Randy Moss, who will be one of the analysts on the broadcast, was worried, at first, that there would be no Triple Crown winner.

“My first thought, to be honest with you, was a lack of surprise,” Moss said during a conference call Tuesday. “We’ve known way back before the Florida Derby that Big Brown has had some extremely problematic feet. This is not something that just popped up. We’ve said all along, even on the air, that with the enormous talent that Big Brown has, perhaps the biggest obstacle that he will face is keeping his feet at 100 percent. He made it out of the Kentucky Derby in excellent shape. Initially, he made it out of the Preakness with his feet in excellent shape.

“You’re always holding your breath with some of these minor foot injuries.”

Analyst and former jockey Jerry Bailey said if there was ever a good time for the injury to occur, it was well before the Belmont.

“I was almost kind of relieved it happened when it did, last week, that the issue arose,” Bailey said. “Had what happened last week happened today, I would have been far less optimistic. Because it happened far enough away from the race, and they had time to work on it and Mother Nature had more time to heal it, it was a good thing.”

And that sound you heard was the big sigh of relief.


If ABC misses anything during the telecast, I will be shocked.

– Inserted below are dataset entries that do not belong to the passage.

Lemma sum_pow_hamming (R : comPzSemiRingType) (u : V) (x : R) :
  \sum_(v : V) x ^+ hamming u v = (1 + (#|F|.-1)%:R * x) ^+ r.
Proof.
have hamming_prod v : x ^+ hamming u v = \prod_(k < r) (if u k != v k then x else 1).
  by rewrite -prodr_const big_mkcond; apply: eq_bigr => k _; rewrite inE.
rewrite (eq_bigr _ (fun v _ => hamming_prod v)).
rewrite -(bigA_distr_bigA (fun k a => if u k != a then x else 1)) /=.
rewrite -[r in RHS]card_ord -prodr_const; apply: eq_bigr => k _.
rewrite (bigD1 (u k)) //= eqxx (eq_bigr (fun _ => x)) => [|a]; last by rewrite eq_sym => ->.
by rewrite sumr_const cardC1 mulr_natl.
Qed.

Lemma card_hamming_ball_le (R : numDomainType) (D : nat) (u : V) (x : R) :
  0 <= x <= 1 ->
  #|hamming_ball D u|%:R * x ^+ D.-1 <= (1 + (#|F|.-1)%:R * x) ^+ r.
Proof.
case/andP=> x_ge0 x_le1.
rewrite -(sum_pow_hamming u) mulr_natl -sumr_const big_mkcond /=.
apply: ler_sum => v _; case: ifP => [|_]; last exact: exprn_ge0.
by rewrite inE => uvD; apply: ler_wiXn2l => //; rewrite -ltnS (leq_trans uvD) ?leqSpred.
Qed.

End HammingBallWeight.

End HammingCodes.

Lemma N_H_le (F : finFieldType) (M D r : nat) : code_ok F M D r -> N_H F M D <= r.
Proof. by rewrite /N_H; case: ex_minnP => m _; apply. Qed.

Section RealEstimates.

Local Open Scope R_scope.

Lemma exp_le_exp x y : x <= y -> exp x <= exp y.
Proof. by case=> [/exp_increasing/Rlt_le|->]; [|apply: Rle_refl]. Qed.

Lemma exp_pow x n : exp x ^ n = exp (INR n * x).
Proof.
elim: n => [|n IHn]; first by rewrite /= Rmult_0_l exp_0.
by rewrite S_INR /= IHn -exp_plus; congr exp; ring.
Qed.

Lemma le_of_derive_nonneg (f df : R -> R) (a b : R) : a <= b ->
  (forall c, a <= c <= b -> is_derive f c (df c)) ->
  (forall c, a <= c <= b -> 0 <= df c) -> f a <= f b.
Proof.
move=> [lt_ab|<-] f_deriv df_ge0; last exact: Rle_refl.
have [c [f_ba c_ab]] : exists c, f b - f a = df c * (b - a) /\ a < c < b.
  by apply: MVT_cor2 => // c c_ab; apply/is_derive_Reals/f_deriv.
have : 0 <= df c * (b - a) by apply: Rmult_le_pos; [apply: df_ge0; lra | lra].
lra.
Qed.

(* The left-hand side is E[exp(-l X)] for X ~ Bernoulli(p). *)
Lemma hoeffding_bernoulli (p l : R) : 0 <= p <= 1 -> 0 <= l ->
  1 - p + p * exp (- l) <= exp (- p * l + l ^ 2 / 8).
Proof.
move=> p01 l_ge0.
pose g x := 1 - p + p * exp (- x).
have g_gt0 x : 0 < g x by rewrite /g; have := exp_pos (- x); nra.
pose phi x := - p * x + x ^ 2 / 8 - ln (g x).
pose phi' x := - p + x / 4 + p * exp (- x) / g x.
pose phi'' x := (p * exp (- x) - (1 - p)) ^ 2 / (4 * g x ^ 2).
have phi_deriv x : is_derive phi x (phi' x).
  have := g_gt0 x; rewrite /phi /phi' /g => gx_gt0.
  by auto_derive; [lra | field; lra].
have phi'_deriv x : is_derive phi' x (phi'' x).
  have := g_gt0 x; rewrite /phi' /phi'' /g => gx_gt0.
  by auto_derive; [lra | field; lra].
have phi''_ge0 x : 0 <= phi'' x.
  apply: Rmult_le_pos; first exact: pow2_ge_0.
  by apply/Rlt_le/Rinv_0_lt_compat; have := pow_lt _ 2 (g_gt0 x); lra.
have phi'_ge0 x : 0 <= x -> 0 <= phi' x.
  move=> x_ge0; have -> : 0 = phi' 0 by rewrite /phi' /g Ropp_0 exp_0; field; lra.
  by apply: (le_of_derive_nonneg x_ge0 (fun c _ => phi'_deriv c)).
have phi_ge0 : 0 <= phi l.
  have -> : 0 = phi 0.
    by rewrite /phi /g Ropp_0 exp_0 Rmult_1_r Rplus_assoc Rplus_opp_l Rplus_0_r ln_1 /=; lra.
  apply: (le_of_derive_nonneg l_ge0 (fun c _ => phi_deriv c)).
  by move=> c [c_ge0 _]; apply: phi'_ge0.
rewrite -[X in X <= _](exp_ln (g l)) //; apply: exp_le_exp; rewrite /phi in phi_ge0; lra.
Qed.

It will use 40 cameras to cover the race, including a rail cam.

prerace coverage

ESPN kicks off Belmont prerace coverage at noon with the True North Handicap, Just a Game Handicap and the Woody Stephens Stakes.


For the first time, ESPN Radio will broadcast the race.

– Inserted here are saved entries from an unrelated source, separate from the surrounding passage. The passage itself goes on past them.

(* Let $m^*$ be the exact model of the environment and let $m\in\mathcal{M}$ be any model. Fix a base policy $\pi^b$, and let $\pi_m^r$ be the rollout policy and $\pi_m^{ce}$ the certainty-equivalence policy obtained from $\pi^b$ in $m$. Suppose $m$ is a performance-resembling model (PRM) of $m^*$ with respect to $\Pi=\{\pi_m^r,\pi_m^{ce}\}$ and $J$. Then $J_{m^*}^{\pi_m^{ce}}\ge J_{m^*}^{\pi_m^{r}}$.
   Context: Fix finite sets $\mathcal{S}$ (states) and $\mathcal{A}$ (actions) and a discount factor $\gamma\in[0,1)$. A model is a triple $m=(p,r,d)$ with transition kernel $p:\mathcal{S}\times\mathcal{A}\times\mathcal{S}\to[0,1]$, reward function $r:\mathcal{S}\times\mathcal{A}\times\mathcal{S}\to\mathbb{R}$ and initial state distribution $d$ on $\mathcal{S}$; $\mathcal{M}$ is the set of all such models, and $m^*\in\mathcal{M}$ denotes the exact model of the environment. A policy is a map $\pi:\mathcal{S}\times\mathcal{A}\to[0,1]$ giving a distribution over actions at each state; $\mathbb{\Pi}$ is the set of all policies. For $m=(p,r,d)$ and $\pi\in\mathbb{\Pi}$, the performance is $J_m^\pi=\mathbb{E}_{\pi,p}[\sum_{t=0}^\infty\gamma^t r(S_t,A_t,S_{t+1})\mid S_0\sim d]$. Given a base policy $\pi^b$ and a model $m$, the rollout policy $\pi_m^r$ is the policy obtained by one step of policy iteration on $\pi^b$ in $m$ (policy evaluation of $\pi^b$ in $m$ followed by greedy policy improvement), and the certainty-equivalence policy $\pi_m^{ce}$ is the policy obtained by running policy iteration or value iteration to convergence in $m$ starting from $\pi^b$ (an optimal policy of $m$). Given $\Pi\subseteq\mathbb{\Pi}$, a model $m$ is a performance-resembling model (PRM) of $m^*$ w.r.t. $\Pi$ and $J$ if for all $\pi^i,\pi^j\in\Pi$, $J_m^{\pi^i}\ge J_m^{\pi^j}$ implies $J_{m^*}^{\pi^i}\ge J_{m^*}^{\pi^j}$. *)

From HB Require Import structures.
From mathcomp Require Import all_boot all_order all_algebra.
From mathcomp Require Import all_classical all_reals.
From mathcomp Require Import topology normedtype sequences.

Set Implicit Arguments.
Unset Strict Implicit.
Unset Printing Implicit Defensive.

Import Order.TTheory GRing.Theory Num.Theory.
Import numFieldNormedType.Exports.
Local Open Scope classical_set_scope.
Local Open Scope ring_scope.

Section MDP.
Variables (R : realType) (S A : finType).

Record model := Model {
  mp : S -> A -> S -> R;
  mr : S -> A -> S -> R;
  md : S -> R              (* initial state distribution *)
}.

Definition valid_model (m : model) : Prop :=
  (forall s a s', 0 <= mp m s a s' <= 1) /\
  (forall s a, \sum_(s' : S) mp m s a s' = 1) /\
  (forall s, 0 <= md m s) /\ (\sum_(s : S) md m s = 1).

Definition policy := S -> A -> R.

Definition valid_policy (pi : policy) : Prop :=
  (forall s a, 0 <= pi s a <= 1) /\ (forall s, \sum_(a : A) pi s a = 1).

Fixpoint state_dist (m : model) (pi : policy) (d0 : S -> R) (t : nat) : S -> R :=
  match t with
  | 0%N => d0
  | t'.+1 => fun s' =>
      \sum_(s : S) \sum_(a : A)
        state_dist m pi d0 t' s * pi s a * mp m s a s'
  end.

Definition exp_reward (m : model) (pi : policy) (d0 : S -> R) (t : nat) : R :=
  \sum_(s : S) \sum_(a : A) \sum_(s' : S)
    state_dist m pi d0 t s * pi s a * mp m s a s' * mr m s a s'.

(* E_{pi,p}[ sum_t gamma^t r(S_t,A_t,S_{t+1}) | S_0 ~ d0 ]
   (expectation exchanged with the absolutely convergent series). *)
Definition disc_return (gamma : R) (m : model) (pi : policy) (d0 : S -> R) : R :=
  limn (series (fun t : nat => gamma ^+ t * exp_reward m pi d0 t)).

Definition J (gamma : R) (m : model) (pi : policy) : R :=
  disc_return gamma m pi (md m).

Definition delta_at (s : S) : S -> R := fun s0 => if s0 == s then 1 else 0.

Definition V (gamma : R) (m : model) (pi : policy) (s : S) : R :=
  disc_return gamma m pi (delta_at s).

Definition Q (gamma : R) (m : model) (pi : policy) (s : S) (a : A) : R :=
  \sum_(s' : S) mp m s a s' * (mr m s a s' + gamma * V gamma m pi s').

Definition greedy_wrt (q : S -> A -> R) (pi' : policy) : Prop :=
  forall s a, 0 < pi' s a -> forall a', q s a' <= q s a.

Definition is_rollout (gamma : R) (m : model) (pib pir : policy) : Prop :=
  valid_policy pir /\ greedy_wrt (Q gamma m pib) pir.

Definition is_optimal (gamma : R) (m : model) (pi : policy) : Prop :=
  valid_policy pi /\
  forall pi', valid_policy pi' -> forall s, V gamma m pi' s <= V gamma m pi s.

Definition PRM (gamma : R) (m mstar : model) (Pi : set policy) : Prop :=
  forall pii pij, Pi pii -> Pi pij ->
    J gamma m pij <= J gamma m pii -> J gamma mstar pij <= J gamma mstar pii.

End MDP.

From HB Require Import structures.
From mathcomp Require Import all_boot all_order all_algebra.
From mathcomp Require Import all_classical all_reals.
From mathcomp Require Import topology normedtype sequences.
Import Order.TTheory GRing.Theory Num.Theory.
Import numFieldNormedType.Exports.
Local Open Scope classical_set_scope.
Local Open Scope ring_scope.

(* The performance J_m^pi is the average of the state values V_m^pi under the
   initial distribution of m, so a policy whose values dominate statewise also
   dominates in J_m.  An optimal policy of m dominates every valid policy, in
   particular the rollout policy, and the
   PRM property transfers this ordering from m to m*. *)

Section DiscountedReturn.
Variables (R : realType) (S A : finType).
Implicit Types (m : model R S A) (pi : policy R S A) (d : S -> R).

Definition prob_dist d := (forall s, 0 <= d s) /\ \sum_s d s = 1.

Lemma delta_at_prob (s0 : S) : prob_dist (@delta_at R S s0).
Proof.
split=> [s|]; first by rewrite /delta_at; case: eqP.
by rewrite (bigD1 s0) //= /delta_at eqxx big1 ?addr0 // => s /negbTE ->.
Qed.

Lemma prob_dist_le1 d (s : S) : prob_dist d -> d s <= 1.
Proof.
by move=> [d_ge0 <-]; rewrite (bigD1 s) //= lerDl sumr_ge0.
Qed.

Lemma state_dist_prob m pi d (t : nat) :
  valid_model m -> valid_policy pi -> prob_dist d ->
  prob_dist (state_dist m pi d t).
Proof.
move=> [p01 [p_sum1 _]] [pi01 pi_sum1] d_prob.
elim: t => [|t [sd_ge0 sd_sum1]] //=; split.
  move=> s'; apply: sumr_ge0 => s _; apply: sumr_ge0 => a _.
  have /andP[pi_ge0 _] := pi01 s a; have /andP[p_ge0 _] := p01 s a s'.
  by rewrite !mulr_ge0.
rewrite exchange_big /= -sd_sum1; apply: eq_bigr => s _.
rewrite exchange_big /= -[RHS]mulr1 -(pi_sum1 s) mulr_sumr.
by apply: eq_bigr => a _; rewrite -mulr_sumr p_sum1 mulr1.
Qed.

Lemma state_dist_linear m pi d t s' :
  state_dist m pi d t s' =
  \sum_(s0 : S) d s0 * state_dist m pi (@delta_at R S s0) t s'.
Proof.
elim: t s' => [|t IH] s' /=.
  rewrite (bigD1 s') //= /delta_at eqxx mulr1 big1 ?addr0 // => s.
  by rewrite eq_sym => /negbTE ->; rewrite mulr0.
under eq_bigr do under eq_bigr do rewrite IH !mulr_suml.
under [RHS]eq_bigr do rewrite mulr_sumr.
under [RHS]eq_bigr do under eq_bigr do rewrite mulr_sumr.
rewrite [RHS]exchange_big /=; apply: eq_bigr => s _.
rewrite [RHS]exchange_big /=; apply: eq_bigr => a _; apply: eq_bigr => s0 _.
by rewrite !mulrA.
Qed.

Lemma exp_reward_linear m pi d t :
  exp_reward m pi d t = \sum_(s0 : S) d s0 * exp_reward m pi (@delta_at R S s0) t.
Proof.
rewrite /exp_reward.
under eq_bigr do under eq_bigr do under eq_bigr do
  rewrite state_dist_linear !mulr_suml.
under [RHS]eq_bigr do rewrite mulr_sumr.
under [RHS]eq_bigr do under eq_bigr do rewrite mulr_sumr.
under [RHS]eq_bigr do under eq_bigr do under eq_bigr do rewrite mulr_sumr.
rewrite [RHS]exchange_big /=; apply: eq_bigr => s _.
rewrite [RHS]exchange_big /=; apply: eq_bigr => a _.
rewrite [RHS]exchange_big /=; apply: eq_bigr => s' _; apply: eq_bigr => s0 _.
by rewrite !mulrA.
Qed.

Lemma norm_exp_reward_le m pi d t :
  valid_model m -> valid_policy pi -> prob_dist d ->
  `|exp_reward m pi d t| <= \sum_s \sum_a \sum_s' `|mr m s a s'|.
Proof.
move=> m_valid pi_valid d_prob.
have sd_prob := state_dist_prob _ _ _ t m_valid pi_valid d_prob.
have [[p01 _] [pi01 _]] := (m_valid, pi_valid).
rewrite /exp_reward; apply: (le_trans (ler_norm_sum _ _ _)).
apply: ler_sum => s _; apply: (le_trans (ler_norm_sum _ _ _)).
apply: ler_sum => a _; apply: (le_trans (ler_norm_sum _ _ _)).
apply: ler_sum => s' _.
have sd_le1 := prob_dist_le1 _ s sd_prob.
have sd_ge0 := sd_prob.1 s.
have /andP[pi_ge0 pi_le1] := pi01 s a; have /andP[p_ge0 p_le1] := p01 s a s'.
rewrite normrM ger0_norm ?mulr_ge0 //.
by rewrite ler_piMl // -[1]mulr1 ler_pM ?mulr_ge0 // -[1]mulr1 ler_pM.
Qed.

Lemma disc_return_cvg (gamma : R) m pi d :
  0 <= gamma < 1 -> valid_model m -> valid_policy pi -> prob_dist d ->
  cvgn (series (fun t => gamma ^+ t * exp_reward m pi d t)).
Proof.
move=> /andP[gamma_ge0 gamma_lt1] m_valid pi_valid d_prob; apply: normed_cvg.
set M := \sum_s \sum_a \sum_s' `|mr m s a s'|.
have M_ge0 : 0 <= M by do 3 (apply: sumr_ge0 => ? _).
apply: (@series_le_cvg _ _ (geometric M gamma)) => [n|n|n|] /=.
- exact: normr_ge0.
- by rewrite mulr_ge0 ?exprn_ge0.
- rewrite normrM ger0_norm ?exprn_ge0 // mulrC.
  by rewrite ler_wpM2r ?exprn_ge0 ?norm_exp_reward_le.
- by apply: is_cvg_geometric_series; rewrite ger0_norm.
Qed.

Lemma disc_return_linear (gamma : R) m pi d :
  0 <= gamma < 1 -> valid_model m -> valid_policy pi ->
  disc_return gamma m pi d = \sum_(s0 : S) d s0 * V gamma m pi s0.
Proof.
move=> gamma01 m_valid pi_valid; rewrite /disc_return /V /disc_return.
set u := fun s0 => series (fun t => gamma ^+ t * exp_reward m pi (@delta_at R S s0) t).
have -> : series (fun t => gamma ^+ t * exp_reward m pi d t) =
          (fun n => \sum_(s0 : S) d s0 * u s0 n).
  apply/funext => n; rewrite /u /series /=.
  under eq_bigr do rewrite exp_reward_linear mulr_sumr.
  rewrite exchange_big /=; apply: eq_bigr => s0 _; rewrite mulr_sumr.
  by apply: eq_bigr => k _; rewrite !mulrA (mulrC (gamma ^+ k)).
apply: cvg_lim => //; apply: cvg_big => [|s0 _]; first exact: add_continuous.
apply: cvgM; first exact: cvg_cst.
by apply: disc_return_cvg => //; apply: delta_at_prob.
Qed.

Lemma J_le_of_V_le (gamma : R) m pi pi' :
  0 <= gamma < 1 -> valid_model m -> valid_policy pi -> valid_policy pi' ->
  (forall s, V gamma m pi s <= V gamma m pi' s) ->
  J gamma m pi <= J gamma m pi'.
Proof.
move=> gamma01 m_valid pi_valid pi'_valid le_V.
rewrite /J !disc_return_linear //; apply: ler_sum => s _.
have [_ [_ [md_ge0 _]]] := m_valid.
by rewrite ler_wpM2l.
Qed.

End DiscountedReturn.

Theorem proposition2 (R : realType) (S A : finType) (gamma : R)
  (mstar m : model R S A) (pib pir pice : policy R S A) :
  0 <= gamma < 1 ->
  valid_model mstar -> valid_model m ->
  valid_policy pib ->
  is_rollout gamma m pib pir ->
  is_optimal gamma m pice ->
  PRM gamma m mstar [set pir; pice] ->
  J gamma mstar pir <= J gamma mstar pice.
Proof.
move=> gamma01 _ m_valid _ [pir_valid _] [pice_valid pice_opt] prm.
apply: prm; [by right | by left |].
exact: J_le_of_V_le (pice_opt _ pir_valid).
Qed.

WTMM-FM (104.5) will pick up ESPN Radio’s feed at 5 p.m.

Catalon helping NBC

Andrew Catalon is going to help out NBC during its Summer Olympics coverage, although he won’t be in Beijing.

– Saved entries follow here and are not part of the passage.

(* Let $n\ge1$, let $K$ be a simplicial complex on $[m]$, and let $c=c_1\times\dots\times c_m$ be a cell of $\mathcal{Z}_K(D^n,S^{n-1})$ with all $c_i\in\{-,+,\bullet\}$, such that $c(+)\ne-\infty$ and $c_i=+$ holds if and only if $i=c(+)$. Let $I=\{c(+)\}\cup\mathrm{supp}(c)$. Then $c\in\mathrm{Crit}(K)$ if and only if $c_I\in\mathrm{Crit}(K_I)$ and $K_I=2^I\setminus\{I\}$.
   Context: Give $D^n$ the regular CW structure with cells $e_-^i,e_+^i$ ($0\le i\le n-1$; $e_\pm^i$ the two open hemispheres of $S^i\subseteq S^{n-1}$, with closure of $e_\pm^{i}$ equal to $e_\pm^i\cup\bigcup_{j<i}(e_-^j\cup e_+^j)$) and top cell $e_\bullet^n$; products of disks get the product cell structure. Write $-,+,\bullet$ for $e_-^0,e_+^{n-1},e_\bullet^n$. A simplicial complex $L$ on a finite totally ordered ground set $V=\{v_1<\dots<v_k\}$ (identified with $[k]$ via $v_j\mapsto j$) is a family of subsets of $V$ closed under subsets. $\mathrm{supp}(c)=\{i:c_i=\bullet\}$; $\mathcal{Z}_L(D^n,S^{n-1})$ is the subcomplex of $(D^n)^k$ of cells $c$ with $\mathrm{supp}(c)\in L$; $G_L$ is the directed graph on these cells with edges $c\to c'$ when $c'$ lies in the closure of $c$ and $\dim c'=\dim c-1$. Let $\mathcal{M}$ consist of $e_-^{i+1}\to e_+^i$ ($0\le i\le n-2$) and $e_\bullet^n\to e_+^{n-1}$. Put $\mathcal{M}_1=\{c\to c'\in G_L:c_1\to c_1'\in\mathcal{M}\}$ and for $1\le j\le k-1$, $\mathcal{M}_{j+1}=\{c\to c'\in G_L:$ neither $c$ nor $c'$ lies in an edge of $\mathcal{M}_1\cup\dots\cup\mathcal{M}_j$, and $c_{j+1}\to c'_{j+1}\in\mathcal{M}\}$; $\mathcal{M}_L=\bigcup_j\mathcal{M}_j$. $\mathrm{Crit}(L)$ is the set of cells lying in no edge of $\mathcal{M}_L$. For $I\subseteq[m]$, $K_I=\{\sigma\in K:\sigma\subseteq I\}$ is regarded as a complex on the ordered ground set $I$, and $c_I$ is the product of the $c_i$, $i\in I$, in increasing order of $i$. $2^I$ is the set of all subsets of $I$. $c(+)=\min\{i:c_i=+\}$, or $-\infty$ if no coordinate is $+$. *)

From mathcomp Require Import all_boot all_order.
Set Implicit Arguments. Unset Strict Implicit. Unset Printing Implicit Defensive.

(* Cells of D^n:  Em i = e_-^i,  Ep i = e_+^i  (valid for i <= n-1),  Eb = e_bullet^n. *)
Inductive dcell : Type := Em of nat | Ep of nat | Eb.

Definition dvalid (n : nat) (a : dcell) : Prop :=
  match a with Em i => i < n | Ep i => i < n | Eb => True end.

Definition ddim (n : nat) (a : dcell) : nat :=
  match a with Em i => i | Ep i => i | Eb => n end.

Definition dclosure (b a : dcell) : Prop :=
  match a with
  | Em i => b = Em i \/ exists j, j < i /\ (b = Em j \/ b = Ep j)
  | Ep i => b = Ep i \/ exists j, j < i /\ (b = Em j \/ b = Ep j)
  | Eb => True
  end.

The WNYT (Ch. 13) weekend sports anchor and host of “Big Board Sports” will do play-by-play for team handball, and call the men’s sabre team fencing final during the Summer Games, which begin Aug. 8. He will call the action from New York, not Beijing.

“I’m very excited for the summer,” Catalon said. “It will be tough to be away from WNYT during Giants camp and Saratoga, it’s obviously a busy time. But I’m honored to be a part of NBC’s Olympic coverage. I’ve already begun my research, and I can’t wait for the Olympics to begin.”

new auto show

A new auto racing talk show is coming to the Capital Region.

“Up to Speed,” debuts on Sunday at 10 a.m. Mark Krosky and Dan Martin will host the show.

new home

“Inside the NFL” has found a new cable home, it was announced Tuesday.

Showtime Networks and CBS Sports are teaming to bring the program to Showtime. “Inside the NFL” spent 31 years on HBO before it was canceled in February.

The show will be produced by CBS Sports and NFL Films, and will premiere on Wednesday, Sept. 10, at 9 p.m.

parting shots

The French Open winds up this weekend on NBC. The women’s

final is today at 9 a.m., and the men’s championship will be contested at 9 a.m. Sunday. . . .

TNT begins its NASCAR coverage Sunday at 2 p.m. with the Pocono 500.